When a tech adds licenses, provisions a new backup, or turns on a new service for a client, that change needs to reach whoever sends invoices. Today, in most MSPs, it doesn't.

The simplest version: a shared channel or form where any service change gets logged with the client name, what changed, and the billing impact. Even a Slack channel called #billing-changes would be better than the current state at most shops I've seen.

Set reconciliation triggers on contract events

Rate adjustment clauses, renewal dates, and annual true-ups are the billing events that are easiest to miss and most expensive when you do. If your contract says rates adjust by CPI annually, you need an alert 30 days before that anniversary. Not a calendar reminder that gets dismissed. Something that creates a task someone has to close.

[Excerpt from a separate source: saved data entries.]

(* Let $p>1$. For any feasible $\mathbf b$-flow $\mathbf f$, we have $\mathcal E(\mathbf f)\ge\frac1p\left(\frac{\|\mathbf b\|_\infty}n\right)^p\|\mathbf r\|_{-\infty}$.
   Context: $G=(V,E)$ is a simple undirected graph with $n$ vertices, weights $r(e)>0$, and fixed orientation $\vec E$ (with $f(j,i)=-f(i,j)$). $\mathbf b\in\mathbb R^V$ with $\sum_ib(i)=0$; a $\mathbf b$-flow has net outflow $b(i)$ at every vertex $i$. $\mathcal E(\mathbf f)=\frac1p\sum_{e\in\vec E}r(e)|f(e)|^p$. For a vector $\mathbf v$, $\|\mathbf v\|_\infty=\max_i|v(i)|$ and $\|\mathbf v\|_{-\infty}=\min_i|v(i)|$. *)

From HB Require Import structures.
From mathcomp Require Import all_boot all_order all_algebra.
From mathcomp Require Import reals exp.
Set Implicit Arguments. Unset Strict Implicit. Unset Printing Implicit Defensive.
Import Order.TTheory GRing.Theory Num.Theory.
Local Open Scope ring_scope.

Definition oriented_simple_graph (n : nat) (E : {set 'I_n * 'I_n}) : Prop :=
  (forall e, e \in E -> e.1 != e.2) /\
  (forall i j, (i, j) \in E -> (j, i) \notin E).

Definition net_outflow {R : numDomainType} (n : nat) (E : {set 'I_n * 'I_n})
  (f : 'I_n * 'I_n -> R) (i : 'I_n) : R :=
  \sum_(e in E | e.1 == i) f e - \sum_(e in E | e.2 == i) f e.

Definition is_bflow {R : numDomainType} (n : nat) (E : {set 'I_n * 'I_n})
  (b : 'I_n -> R) (f : 'I_n * 'I_n -> R) : Prop :=
  forall i, net_outflow E f i = b i.

Definition energy {R : realType} (n : nat) (E : {set 'I_n * 'I_n})
  (r f : 'I_n * 'I_n -> R) (p : R) : R :=
  p^-1 * \sum_(e in E) r e * powR `|f e| p.

Definition norm_inf {R : realDomainType} (n : nat) (b : 'I_n -> R) : R :=
  \big[Num.max/0]_(i < n) `|b i|.

(* ||r||_{-oo} = min_{e in E} |r(e)|  (convention: 0 if E is empty) *)
Definition norm_neginf {R : realDomainType} (n : nat) (E : {set 'I_n * 'I_n})
  (r : 'I_n * 'I_n -> R) : R :=
  if [pick e in E] is Some e0 then \big[Num.min/`|r e0|]_(e in E) `|r e|
  else 0.

(** The flow conservation law at a vertex [i] with [|b i| = ||b||_oo] writes
    [b i] as a signed sum of the flows on the (at most [n]) edges incident to
    [i]; since each unordered pair carries at most one oriented edge, some
    edge carries [|f e| >= ||b||_oo / n].  That single edge already
    contributes [r e |f e|^p / p >= ||r||_{-oo} (||b||_oo / n)^p / p] to the
    energy, all other terms being nonnegative. *)
From HB Require Import structures.
From mathcomp Require Import all_boot all_order all_algebra.
From mathcomp Require Import reals exp.
Import Order.TTheory GRing.Theory Num.Theory.
Local Open Scope ring_scope.

Section IncidentEdges.

Context {R : numDomainType} {n : nat} (E : {set 'I_n * 'I_n}).

Lemma big_out_edges (F : 'I_n * 'I_n -> R) (i : 'I_n) :
  \sum_(e in E | e.1 == i) F e = \sum_(j < n) (if (i, j) \in E then F (i, j) else 0).
Proof.
rewrite big_mkcond /=.
transitivity (\sum_(a < n) \sum_(c < n)
   (if ((a, c) \in E) && (a == i) then F (a, c) else 0)).
  by rewrite pair_big /=; apply: eq_bigr; case.
rewrite (bigD1 i) //= [X in _ + X]big1 ?addr0; last first.
  by move=> a /negbTE Hai; apply: big1 => j _; rewrite Hai andbF.
by apply: eq_bigr => j _; rewrite eqxx andbT.
Qed.

Lemma big_in_edges (F : 'I_n * 'I_n -> R) (i : 'I_n) :
  \sum_(e in E | e.2 == i) F e = \sum_(j < n) (if (j, i) \in E then F (j, i) else 0).
Proof.
rewrite big_mkcond /=.
transitivity (\sum_(a < n) \sum_(c < n)
   (if ((a, c) \in E) && (c == i) then F (a, c) else 0)).
  by rewrite pair_big /=; apply: eq_bigr; case.
apply: eq_bigr => a _.
rewrite (bigD1 i) //= big1 ?addr0; last by move=> c /negbTE ->; rewrite andbF.
by rewrite eqxx andbT.
Qed.

Lemma norm_net_outflow_le (f : 'I_n * 'I_n -> R) (i : 'I_n) :
  `|net_outflow E f i| <= \sum_(j < n)
     ((if (i, j) \in E then `|f (i, j)| else 0) +
      (if (j, i) \in E then `|f (j, i)| else 0)).
Proof.
rewrite big_split /= -(big_out_edges (fun e => `|f e|)) -(big_in_edges (fun e => `|f e|)).
apply: le_trans (ler_normB _ _) _.
exact: lerD (ler_norm_sum _ _ _) (ler_norm_sum _ _ _).
Qed.

End IncidentEdges.

Lemma exists_heavy_edge {R : realFieldType} {n : nat} {E : {set 'I_n * 'I_n}}
    {f : 'I_n * 'I_n -> R} {i : 'I_n} :
  (forall j k, (j, k) \in E -> (k, j) \notin E) ->
  0 < `|net_outflow E f i| ->
  exists2 e, e \in E & `|net_outflow E f i| / n%:R <= `|f e|.
Proof.
move=> Eanti out_gt0; set c := `|net_outflow E f i| / n%:R.
have n_gt0 : (0 < n)%N by apply: leq_ltn_trans (ltn_ord i).
have c_gt0 : 0 < c by rewrite divr_gt0 ?ltr0n.
apply/exists_inP; apply: contraTT isT => /exists_inPn light.
have {}light e : e \in E -> `|f e| < c by move=> /light; rewrite ltNge.
suff : `|net_outflow E f i| < `|net_outflow E f i| by rewrite ltxx.
apply: le_lt_trans (norm_net_outflow_le E f i) _.
apply: (@lt_le_trans _ _ (\sum_(j < n) c)); last first.
  by rewrite sumr_const card_ord -mulr_natr divfK ?pnatr_eq0 -?lt0n.
apply: ltr_sum => [|j _]; first by apply/hasP; exists i; rewrite ?mem_index_enum.
case Eij: ((i, j) \in E); case Eji: ((j, i) \in E).
- by have := Eanti _ _ Eij; rewrite Eji.
- by rewrite addr0 light.
- by rewrite add0r light.
- by rewrite addr0.
Qed.

Lemma norm_inf_ge0 {R : realDomainType} {n : nat} (b : 'I_n -> R) :
  0 <= norm_inf b.
Proof. by rewrite /norm_inf; elim/big_ind: _ => // x y; rewrite le_max => ->. Qed.

Lemma norm_inf_attained {R : realDomainType} {n : nat} (b : 'I_n -> R) :
  0 < norm_inf b -> exists i, norm_inf b = `|b i|.
Proof.
rewrite /norm_inf; case: n b => [|n] b; first by rewrite big_ord0 ltxx.
move=> _; have [i _ ->] := eq_bigmax ord0 xpredT (fun i => `|b i|) isT
  (fun i _ => normr_ge0 (b i)).
by exists i.
Qed.

Lemma norm_neginf_ge0 {R : realDomainType} {n : nat} (E : {set 'I_n * 'I_n})
    (r : 'I_n * 'I_n -> R) :
  0 <= norm_neginf E r.
Proof. by rewrite /norm_neginf; case: pickP => // e0 _; apply: le_bigmin. Qed.

Lemma norm_neginf_le {R : realDomainType} {n : nat} (E : {set 'I_n * 'I_n})
    (r : 'I_n * 'I_n -> R) (e : 'I_n * 'I_n) :
  e \in E -> norm_neginf E r <= `|r e|.
Proof.
rewrite /norm_neginf => Ee; case: pickP => [e0 _|/(_ e)]; last by rewrite Ee.
exact: bigmin_le_cond.
Qed.

Section Energy.

Context {R : realType} {n : nat} {E : {set 'I_n * 'I_n}} {r f : 'I_n * 'I_n -> R} {p : R}.
Hypotheses (r_ge0 : forall e, e \in E -> 0 <= r e) (p_gt0 : 0 < p).

Lemma energy_ge0 : 0 <= energy E r f p.
Proof.
rewrite /energy mulr_ge0 ?invr_ge0 ?(ltW p_gt0) //.
by apply: sumr_ge0 => e Ee; rewrite mulr_ge0 ?powR_ge0 ?r_ge0.
Qed.

Lemma energy_ge_edge e : e \in E -> p^-1 * (r e * powR `|f e| p) <= energy E r f p.
Proof.
move=> Ee; rewrite /energy ler_pM2l ?invr_gt0 // (bigD1 e) //= lerDl.
by apply: sumr_ge0 => e' /andP[Ee' _]; rewrite mulr_ge0 ?powR_ge0 ?r_ge0.
Qed.

End Energy.

Theorem mainTheorem19 (R : realType) (n : nat) (E : {set 'I_n * 'I_n})
  (r : 'I_n * 'I_n -> R) (b : 'I_n -> R) (p : R) (f : 'I_n * 'I_n -> R) :
  oriented_simple_graph E ->
  (forall e, e \in E -> 0 < r e) ->
  \sum_(i < n) b i = 0 ->
  1 < p ->
  is_bflow E b f ->
  energy E r f p >= p^-1 * powR (norm_inf b / n%:R) p * norm_neginf E r.
Proof.
move=> [_ Eanti] r_gt0 _ p_gt1 bflow.
have p_gt0 : 0 < p by apply: lt_trans p_gt1.
have r_ge0 e : e \in E -> 0 <= r e by move/r_gt0/ltW.
have [b0|b_neq0] := eqVneq (norm_inf b) 0.
  by rewrite b0 mul0r powR0 ?gt_eqF // mulr0 mul0r (energy_ge0 r_ge0 p_gt0).
have b_gt0 : 0 < norm_inf b by rewrite lt_def b_neq0 norm_inf_ge0.
have [i bi] := norm_inf_attained b b_gt0.
have out_gt0 : 0 < `|net_outflow E f i| by rewrite bflow -bi.
have [e Ee] := exists_heavy_edge Eanti out_gt0; rewrite bflow -bi => heavy.
apply: le_trans (energy_ge_edge r_ge0 p_gt0 e Ee).
rewrite -mulrA ler_pM2l ?invr_gt0 // mulrC.
apply: ler_pM; rewrite ?powR_ge0 ?norm_neginf_ge0 //.
  by rewrite -(gtr0_norm (r_gt0 _ Ee)) norm_neginf_le.
apply: ge0_ler_powR heavy; first exact: ltW.
  by rewrite nnegrE divr_ge0 ?norm_inf_ge0.
by rewrite nnegrE.
Qed.
(* Let $\Phi$ be an $N\times\mathcal{C}$ complex matrix with no repeated columns which is $\eta$-StRIP-able with $\eta>1/2$, let $\epsilon>0$, and assume $k<\epsilon(\mathcal{C}-1)+1$ and $N=O\left(\left(\frac{k\log\mathcal{C}}{\epsilon^2}\right)^{1/\eta}\right)$; let $\delta:=2\exp\left[-\frac{[\epsilon-(k-1)/(\mathcal{C}-1)]^2N^{\eta}}{8k}\right]$. Let $w$ be a fixed column index of $\Phi$, and let $\kappa=\{\kappa_1,\dots,\kappa_k\}$ be the first $k$ elements of a uniformly random permutation of $\{1,\dots,\mathcal{C}\}\setminus\{w\}$. Then $$\mathbb{E}\left[\left\|\frac{1}{\sqrt N}\Phi_\kappa^{\dagger}\frac{1}{\sqrt N}\varphi_w\right\|^2\right]=\frac{k}{N}\,\frac{\mathcal{C}-N}{\mathcal{C}-1},$$ where the expectation is with respect to the choice of $\kappa$.
   Context: Columns of $\Phi$ are denoted $\varphi_1,\dots,\varphi_{\mathcal{C}}$, with entries $\varphi_j(x)$, $x=1,\dots,N$. For $0<\eta\le 1$, $\Phi$ is called $\eta$-StRIP-able if: (St1) $\sum_{j=1}^{\mathcal{C}}\varphi_j(x)\overline{\varphi_j(y)}=0$ for $x\neq y$, and $\sum_{j=1}^{\mathcal{C}}\varphi_j(x)=0$ for all $x$; (St2) the columns form a group under pointwise multiplication, whose identity is the all-ones column $\varphi_1$; (St3) for all $j\in\{2,\dots,\mathcal{C}\}$, $\left|\sum_x\varphi_j(x)\right|^2\leq N^{2-\eta}$. For a set $\kappa$ of column indices, $\Phi_\kappa$ is the $N\times|\kappa|$ submatrix of the columns indexed by $\kappa$, and $\Phi_\kappa^\dagger$ its conjugate transpose; $\|\cdot\|$ is the Euclidean norm. *)

From HB Require Import structures.
From mathcomp Require Import all_boot all_order all_algebra all_fingroup.
From mathcomp Require Import complex.
From mathcomp Require Import reals sequences exp.
Set Implicit Arguments. Unset Strict Implicit. Unset Printing Implicit Defensive.
Import Order.TTheory GRing.Theory Num.Theory.
Local Open Scope ring_scope.
Local Open Scope complex_scope.

Definition phicol (R : realType) (N C : nat) (Phi : 'M[R[i]]_(N, C)) (j : 'I_C)
  : 'cV[R[i]]_N := col j Phi.

Definition adjmx (R : realType) (m n : nat) (A : 'M[R[i]]_(m, n)) : 'M[R[i]]_(n, m) :=
  (map_mx (fun z => z^*) A)^T.

Definition sqnorm (R : realType) (n : nat) (v : 'cV[R[i]]_n) : R[i] :=
  \sum_(i < n) `|v i ord0| ^+ 2.

Definition no_repeated_columns (R : realType) (N C : nat) (Phi : 'M[R[i]]_(N, C)) :=
  injective (phicol Phi).

(* eta-StRIP-ability (indices: column 1 of the paper is the ordinal 0). *)
Definition StRIPable (R : realType) (eta : R) (N C : nat) (Phi : 'M[R[i]]_(N, C)) :=
  [/\ 0 < eta, eta <= 1,
   (forall x y : 'I_N, x != y -> \sum_(j < C) Phi x j * (Phi y j)^* = 0) /\
   (forall x : 'I_N, \sum_(j < C) Phi x j = 0),
   (* St2: columns form a group under pointwise multiplication, identity = phi_1 = all-ones *)
   [/\ forall j : 'I_C, (j : nat) = 0%N -> forall x, Phi x j = 1,
       forall j l : 'I_C, exists m : 'I_C, forall x, Phi x m = Phi x j * Phi x l
     & forall j : 'I_C, exists m : 'I_C, forall x, Phi x m * Phi x j = 1]
   &
   forall j : 'I_C, (j : nat) <> 0%N ->
     `|\sum_(x < N) Phi x j| ^+ 2 <= ((N%:R : R) `^ (2 - eta))%:C].

(* kappa: the first k elements of the random permutation of {1..C}\{w}
   encoded by a permutation sigma of 'I_C fixing w (listing of the remaining
   indices in the order sigma j, j increasing, j <> w). *)
Definition kappa_of (C : nat) (w : 'I_C) (k : nat) (sigma : {perm 'I_C}) : 'I_k -> 'I_C :=
  fun i => nth w [seq sigma j | j <- enum 'I_C & j != w] i.

(* Uniform expectation over permutations of {1..C}\{w} (= perms fixing w). *)
Definition Eperm (R : realType) (C : nat) (w : 'I_C) (f : {perm 'I_C} -> R[i]) : R[i] :=
  (#|[set s : {perm 'I_C} | s w == w]|%:R)^-1 *
    \sum_(s : {perm 'I_C} | s w == w) f s.
Arguments kappa_of {C} w k sigma _.

From HB Require Import structures.
From mathcomp Require Import all_boot all_order all_algebra all_fingroup.
From mathcomp Require Import complex.
From mathcomp Require Import reals sequences exp.
From mathcomp Require Import ring lra.
Set Implicit Arguments. Unset Strict Implicit. Unset Printing Implicit Defensive.
Import Order.TTheory GRing.Theory Num.Theory.
Local Open Scope ring_scope.
Local Open Scope complex_scope.

(* By (St2) every row of Phi is a character of the group of columns, so all
   entries have modulus one; together with the row orthogonality (St1) this
   gives sum_j |<phi_j, phi_w>|^2 = C N, of which the term j = w contributes N^2.
   The columns kappa_i are each uniformly distributed on {j <> w}, so the
   expectation is k/(C-1) times the remaining sum C N - N^2, scaled by 1/N^2. *)

Definition coldot (R : realType) (N C : nat) (Phi : 'M[R[i]]_(N, C)) (j l : 'I_C)
  : R[i] := \sum_(x < N) (Phi x j)^* * Phi x l.

Lemma eq1_mul_inv_closed (R : realFieldType) (I : finType) (F : I -> R) :
  (forall j, 0 <= F j) ->
  (forall j l, exists m, F m = F j * F l) ->
  (forall j, exists m, F m * F j = 1) ->
  forall j, F j = 1.
Proof.
move=> F_ge0 F_mul F_inv j.
have [jmax _ Fmax] := @arg_maxP _ _ _ j predT F isT.
have {}Fmax l : F l <= F jmax := Fmax l isT.
have Fmax_le1 : F jmax <= 1.
  have [m Fm] := F_mul jmax jmax.
  have := Fmax m; rewrite Fm; have := F_ge0 jmax; nra.
have [m Fmj] := F_inv j.
have Fj_le1 : F j <= 1 by apply: le_trans (Fmax j) Fmax_le1.
have Fm_le1 : F m <= 1 by apply: le_trans (Fmax m) Fmax_le1.
by have := F_ge0 j; have := F_ge0 m; nra.
Qed.

Lemma norm_entry_col_group (R : realType) (N C : nat) (Phi : 'M[R[i]]_(N, C)) :
  (forall j l : 'I_C, exists m : 'I_C, forall x, Phi x m = Phi x j * Phi x l) ->
  (forall j : 'I_C, exists m : 'I_C, forall x, Phi x m * Phi x j = 1) ->
  forall x j, `|Phi x j| = 1.
Proof.
move=> Phi_mul Phi_inv x j.
pose F l := complex.Re `|Phi x l|.
have FE l : (F l)%:C = `|Phi x l| by rewrite RRe_real ?normr_real.
suff /(_ j) F1 : forall l, F l = 1 by rewrite -FE F1.
apply: eq1_mul_inv_closed => [l|l l'|l].
- by rewrite -ler0c FE.
- have [m Pm] := Phi_mul l l'; exists m.
  by apply: complexI; rewrite rmorphM /= !FE Pm normrM.
- have [m Pm] := Phi_inv l; exists m.
  by apply: complexI; rewrite rmorphM /= !FE -normrM Pm normr1.
Qed.

Section ColumnDots.
Variables (R : realType) (N C : nat) (Phi : 'M[R[i]]_(N, C)).
Hypothesis Phi_rows_orth :
  forall x y : 'I_N, x != y -> \sum_(j < C) Phi x j * (Phi y j)^* = 0.
Hypothesis Phi_norm1 : forall x j, `|Phi x j| = 1.

Lemma mul_conj_entry x j : Phi x j * (Phi x j)^* = 1.
Proof. by rewrite -sqr_normc Phi_norm1 expr1n. Qed.

Lemma coldot_diag j : coldot Phi j j = N%:R.
Proof.
rewrite /coldot (eq_bigr (fun=> 1)) ?sumr_const ?card_ord // => x _.
by rewrite mulrC mul_conj_entry.
Qed.

Lemma sum_sqr_norm_coldot l : \sum_(j < C) `|coldot Phi j l| ^+ 2 = C%:R * N%:R.
Proof.
have sqrE j : `|coldot Phi j l| ^+ 2 =
    \sum_(x < N) \sum_(y < N) (Phi x l * (Phi y l)^*) * (Phi y j * (Phi x j)^*).
  rewrite sqr_normc rmorph_sum mulr_suml; apply: eq_bigr => x _.
  rewrite mulr_sumr; apply: eq_bigr => y _.
  by rewrite rmorphM /= conjcK; ring.
rewrite (eq_bigr _ (fun j _ => sqrE j)) exchange_big /=.
rewrite (eq_bigr (fun=> C%:R)) ?sumr_const ?card_ord ?mulr_natr // => x _.
rewrite exchange_big /= (bigD1 x) //= [X in _ + X]big1 => [|y yx]; last first.
  by rewrite -mulr_sumr Phi_rows_orth ?mulr0.
rewrite addr0 -mulr_sumr mul_conj_entry mul1r.
by rewrite (eq_bigr (fun=> 1)) ?sumr_const ?card_ord // => j _; rewrite mul_conj_entry.
Qed.

Lemma sum_neq_sqr_norm_coldot l :
  \sum_(j | j != l) `|coldot Phi j l| ^+ 2 = C%:R * N%:R - N%:R ^+ 2.
Proof.
rewrite -(sum_sqr_norm_coldot l) [in RHS](bigD1 l) //= coldot_diag ger0_norm ?ler0n //.
by rewrite addrC addrK.
Qed.

End ColumnDots.

Lemma sqnorm_scale_adj_colsub (R : realType) (N C k : nat) (Phi : 'M[R[i]]_(N, C))
    (f : 'I_k -> 'I_C) (a b : R[i]) (l : 'I_C) :
  sqnorm (a *: adjmx (colsub f Phi) *m (b *: phicol Phi l))
  = `|a * b| ^+ 2 * \sum_(i < k) `|coldot Phi (f i) l| ^+ 2.
Proof.
rewrite /sqnorm mulr_sumr; apply: eq_bigr => i _.
rewrite -exprMn -normrM; congr (`|_| ^+ 2).
rewrite !mxE /coldot mulr_sumr; apply: eq_bigr => x _.
by rewrite /adjmx /phicol !mxE; ring.
Qed.

Section UniformPermutations.
Variables (C : nat) (w : 'I_C).

Let stab := [set s : {perm 'I_C} | s w == w].

(* Transpositions fixing w act transitively on {j <> w}. *)
Lemma sum_stab_perm_eval (V : nmodType) (j0 : 'I_C) (g : 'I_C -> V) :
  j0 != w ->
  (\sum_(s : {perm 'I_C} | s w == w) g (s j0)) *+ C.-1 =
  (\sum_(j | j != w) g j) *+ #|stab|.
Proof.
move=> j0w.
have eval_indep j : j != w -> \sum_(s : {perm 'I_C} | s w == w) g (s j0)
                            = \sum_(s : {perm 'I_C} | s w == w) g (s j).
  move=> jw; rewrite (reindex_inj (mulgI (tperm j0 j))) /=.
  apply: eq_big => s; first by rewrite permM tpermD // eq_sym.
  by move=> _; rewrite permM tpermL.
rewrite -[C in _ *+ C.-1]card_ord -(cardC1 w) -[LHS]sumr_const.
rewrite (eq_bigr (fun j => \sum_(s : {perm 'I_C} | s w == w) g (s j))); last first.
  by move=> j /= /eval_indep.
rewrite (eq_bigl (fun j => j != w)) // exchange_big /= -sumr_const.
rewrite [RHS](eq_bigl (fun s : {perm 'I_C} => s w == w)) => [|s]; last by rewrite inE.
apply: eq_bigr => s /eqP sw.
rewrite [RHS](reindex_inj (@perm_inj _ s)) /=.
by apply: eq_bigl => j; rewrite -[in RHS]sw (inj_eq perm_inj).
Qed.

Lemma size_enum_neq : size [seq j <- enum 'I_C | j != w] = C.-1.
Proof.
have := count_predC (pred1 w) (enum 'I_C).
rewrite (count_uniq_mem _ (enum_uniq _)) mem_enum /= add1n size_enum_ord.
by move=> /(congr1 predn) /= <-; rewrite size_filter.
Qed.

Lemma kappa_ofE k (s : {perm 'I_C}) (i : 'I_k) : (k <= C.-1)%N ->
  kappa_of w k s i = s (nth w [seq j <- enum 'I_C | j != w] i).
Proof.
by move=> kC; rewrite /kappa_of (nth_map w) // size_enum_neq (leq_trans _ kC).
Qed.

Lemma Eperm_sum_kappa (R : realType) k (g : 'I_C -> R[i]) : (k <= C.-1)%N ->
  Eperm w (fun s => \sum_(i < k) g (kappa_of w k s i))
  = k%:R / C.-1%:R * \sum_(j | j != w) g j.
Proof.
move=> kC; have [->|k_gt0] := posnP k.
  by rewrite /Eperm big1 ?mulr0 ?mul0r // => s _; rewrite big_ord0.
have nz : (C.-1%:R : R[i]) != 0 by rewrite pnatr_eq0 -lt0n (leq_trans k_gt0).
have stabz : (#|stab|%:R : R[i]) != 0.
  by rewrite pnatr_eq0 -lt0n; apply/card_gt0P; exists 1%g; rewrite inE perm1.
have sum_eval i : \sum_(s : {perm 'I_C} | s w == w) g (kappa_of w k s i)
                  = (\sum_(j | j != w) g j) * #|stab|%:R / C.-1%:R.
  pose e := nth w [seq j <- enum 'I_C | j != w] i.
  have ew : e != w.
    have ik : (i < size [seq j <- enum 'I_C | j != w])%N.
      by rewrite size_enum_neq (leq_trans (ltn_ord i)).
    by have := mem_nth w ik; rewrite mem_filter => /andP[].
  have := sum_stab_perm_eval g ew; rewrite -[LHS]mulr_natr -[RHS]mulr_natr => <-.
  by rewrite mulrK ?unitfE //; apply: eq_bigr => s _; rewrite kappa_ofE.
rewrite /Eperm exchange_big /= (eq_bigr _ (fun i _ => sum_eval i)) sumr_const.
by rewrite card_ord -mulr_natr; field; rewrite nz stabz.
Qed.

End UniformPermutations.

Theorem lemma3p10 (R : realType) (N C : nat) (Phi : 'M[R[i]]_(N, C))
  (eta eps : R) (k : nat) (w : 'I_C) :
  no_repeated_columns Phi ->
  StRIPable eta Phi ->
  1 / 2 < eta ->
  0 < eps ->
  (k%:R : R) < eps * (C.-1)%:R + 1 ->
  (k <= C.-1)%N ->
  (exists c : R, 0 < c /\
     (N%:R : R) <= c * ((k%:R * ln (C%:R : R) / eps ^+ 2) `^ eta^-1)) ->
  let delta : R :=
    2 * expR (- ((eps - (k%:R - 1) / (C.-1)%:R) ^+ 2 * (N%:R `^ eta))
              / (8 * k%:R)) in
  Eperm w (fun sigma =>
    sqnorm (((Num.sqrt (N%:R : R))^-1)%:C *:
              adjmx (colsub (kappa_of w k sigma) Phi)
            *m (((Num.sqrt (N%:R : R))^-1)%:C *: phicol Phi w)))
  = (k%:R / N%:R) * ((C%:R - N%:R) / (C.-1)%:R).
Proof.
move=> _ [_ _ [rows_orth _] [_ Phi_mul Phi_inv] _] _ _ _ kC _ _.
have norm1 := norm_entry_col_group Phi_mul Phi_inv.
set c := ((Num.sqrt (N%:R : R))^-1)%:C.
have sqr_c : `|c * c| ^+ 2 = (N%:R ^+ 2)^-1 :> R[i].
  have -> : c * c = (N%:R)^-1.
    by rewrite /c -rmorphM /= -expr2 exprVn sqr_sqrtr ?ler0n // fmorphV rmorph_nat.
  by rewrite ger0_norm ?invr_ge0 ?ler0n // exprVn.
rewrite /Eperm; under eq_bigr do rewrite sqnorm_scale_adj_colsub.
rewrite -mulr_sumr mulrCA.
have := Eperm_sum_kappa w (fun j => `|coldot Phi j w| ^+ 2) kC; rewrite /Eperm => ->.
rewrite sum_neq_sqr_norm_coldot // sqr_c.
have [->|N_gt0] := posnP N; first by rewrite !invr0; ring.
have Nz : (N%:R : R[i]) != 0 by rewrite pnatr_eq0 -lt0n.
have [->|nz] := eqVneq (C.-1%:R : R[i]) 0; first by rewrite !invr0 !(mulr0, mul0r).
by field; rewrite Nz nz.
Qed.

Where tools fit (and where they don't)

PSA platforms handle time-and-materials billing reasonably well. If the tech logs the hours, the invoice can include them. But for recurring services, variable billing, and contract-driven rate changes, PSAs are passive. They bill what you tell them to bill.

Accounting software (QuickBooks, Xero, Zoho Books) sends the invoices. But it has no awareness of what the contract says should be on the invoice. It's downstream of the problem.

Spreadsheets work until someone forgets to update a row. Which happens the moment you're busy, which is when billing accuracy matters most.

None of these tools know what the contract says. They operate downstream of the problem.

We built ClientCommit because of this gap. You upload the contract, and it pulls out every commercial obligation: what should be billed, to whom, on what schedule, and at what rate. Billing triggers, rate adjustment windows, renewal terms, variable service commitments. When a billing event is approaching, your team sees it before the invoice goes out, not after the quarter closes. Your data stays private: AES-256 encryption, anonymized before any AI processing touches it.

Not every MSP has a revenue leakage problem that justifies a new tool. If you're running five clients with straightforward flat-rate agreements, your invoicing probably stays in sync without much effort. But once you're past fifteen or twenty clients, each with slightly different billing models and variable services, the manual approach starts costing real money. We're onboarding founding customers now with hands-on setup and lifetime pricing if you want to take a look.


The uncomfortable math

If you're reading this and thinking "this probably doesn't apply to me," I'd push back gently on that.

Pick three clients. Just three. Pull their contracts and list every service that should generate revenue. Compare it against last month's invoice.

The MSP owner who found the 5,000 euro gap didn't think he had a problem either. He ran the check because he was "starting to lose track." By the time you feel like you're losing track, the leak has already been running for months.

That gap between what you deliver and what you bill? That's your margin.